Giovanni Battista Ciolina (15 May 1870 – 29 May 1955) was an Italian neo-impressionist and divisionist painter.

== Biography ==
Born into a family of Valle Vigezzo farmers in 1870, he attended the Rossetti Valentini Art School in Santa Maria Maggiore - where he became close friends with other future painters such as Carlo Fornara, Gian Maria Rastellini and Lorenzo Peretti Junior - for five years, beginning in 1882, absorbing the teachings of Enrico Cavalli, a great connoisseur of the French art of the era and the historic innovator of painting in Valle Vigezzo.

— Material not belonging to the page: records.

(* With the notation of the context, let $0\le\lambda_{k-1}<\lambda_k\le1$, and let $x$ solve $\frac{dx}{d\lambda}=A(\lambda)x+b(\lambda)$ on $[\lambda_{k-1},\lambda_k]$. Set $s_{i,k}=\sqrt{1+\lambda_k\alpha_i}$, $s_{i,k-1}=\sqrt{1+\lambda_{k-1}\alpha_i}$. Then $$x(\lambda_k)=\big(I+E\,\Omega_k F^\top\big)x(\lambda_{k-1})+E\,c_k,$$ where $\Omega_k=\mathrm{diag}(\Omega_{ii,k})$ with $\Omega_{ii,k}=\dfrac{s_{i,k-1}/s_{i,k}-1}{\alpha_i}$, and $c_k\in\mathbb{R}^{n_z}$ has entries $$c_{i,k}=\frac{\alpha_i\tilde z_i\,(\lambda_k s_{i,k-1}-\lambda_{k-1}s_{i,k})+\tilde x_i\,(s_{i,k-1}-s_{i,k})}{\alpha_i\,s_{i,k}^2\,s_{i,k-1}}.$$ In particular $I+E\Omega_kF^\top=\exp\!\big(\int_{\lambda_{k-1}}^{\lambda_k}A(\mu)\,d\mu\big)$.
   Context: $P\in\mathbb{R}^{n_x\times n_x}$, $R\in\mathbb{R}^{n_z\times n_z}$ symmetric positive definite, $H\in\mathbb{R}^{n_z\times n_x}$ of full row rank (held fixed over the interval), $\bar x\in\mathbb{R}^{n_x}$, $z\in\mathbb{R}^{n_z}$. $R^{-1/2}$ is the inverse of the symmetric positive definite square root of $R$. $A(\lambda)=-\tfrac12 PH^\top(\lambda HPH^\top+R)^{-1}H$, $b(\lambda)=(I+2\lambda A(\lambda))\big[(I+\lambda A(\lambda))PH^\top R^{-1}z+A(\lambda)\bar x\big]$. Let $D=R^{-1/2}HPH^\top R^{-1/2}=V\Lambda V^\top$ with $V$ orthogonal, $\Lambda=\mathrm{diag}(\alpha_1,\dots,\alpha_{n_z})$, $\alpha_i>0$; $E=PH^\top R^{-1/2}V$, $F^\top=V^\top R^{-1/2}H$, $\tilde z=V^\top R^{-1/2}z$, $\tilde x=F^\top\bar x$. *)

From HB Require Import structures.
From mathcomp Require Import all_boot all_order all_algebra.
From mathcomp Require Import all_classical all_reals all_analysis.
Set Implicit Arguments. Unset Strict Implicit. Unset Printing Implicit Defensive.
Import Order.TTheory GRing.Theory Num.Theory.
Import numFieldNormedType.Exports.
Local Open Scope classical_set_scope.
Local Open Scope ring_scope.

In the late 1880s, he received a two-year scholarship to attend the Scuola libera del nudo at the Accademia di Belle Arti in Venice. A talented and precocious artist, he demonstrated the level of excellence he had achieved with the works Ritratto della madre (Portrait of the Artist’s Mother) (1890) and L'ombrellino rosso (The Little Red Umbrella) (1892). In the company of his friend and fellow painter Carlo Fornara, he spent a long period in Lyon between 1895 and 1896 studying the great masters and learning about the new painting on the other side of the Alps. On his return to Italy he turned to Divisionism, applying the new technique according to the example of Giovanni Segantini. After his first showing, at the Third Triennale of Brera in 1897 with the painting Il filo spezzato (The Broken Thread), he opened a studio in Milan, where he produced numerous paintings in the divisionist style, including La lavandaia (The Washerwoman), Fanciulla che guarda dalla finestra (Girl looking out the window) and Mestizia crepuscolare (Twilight Sorrow). He took part in numerous exhibitions in Italy and abroad, and, after gradually abandoning Divisionism, arrived at the Venice International Art Exhibition of 1907 with the painting Preludio di primavera (Prelude to Spring), making extensive use of impasto and retaining the luminosity of his earliest works, but with the addition of a melancholy lyricism typical of Neo-impressionism, often entrusted to compositions of broad and powerful scope as in paintings Ritorno all’alpe (Return to the mountain pasture) and Toceno al tramonto (Toceno at sunset).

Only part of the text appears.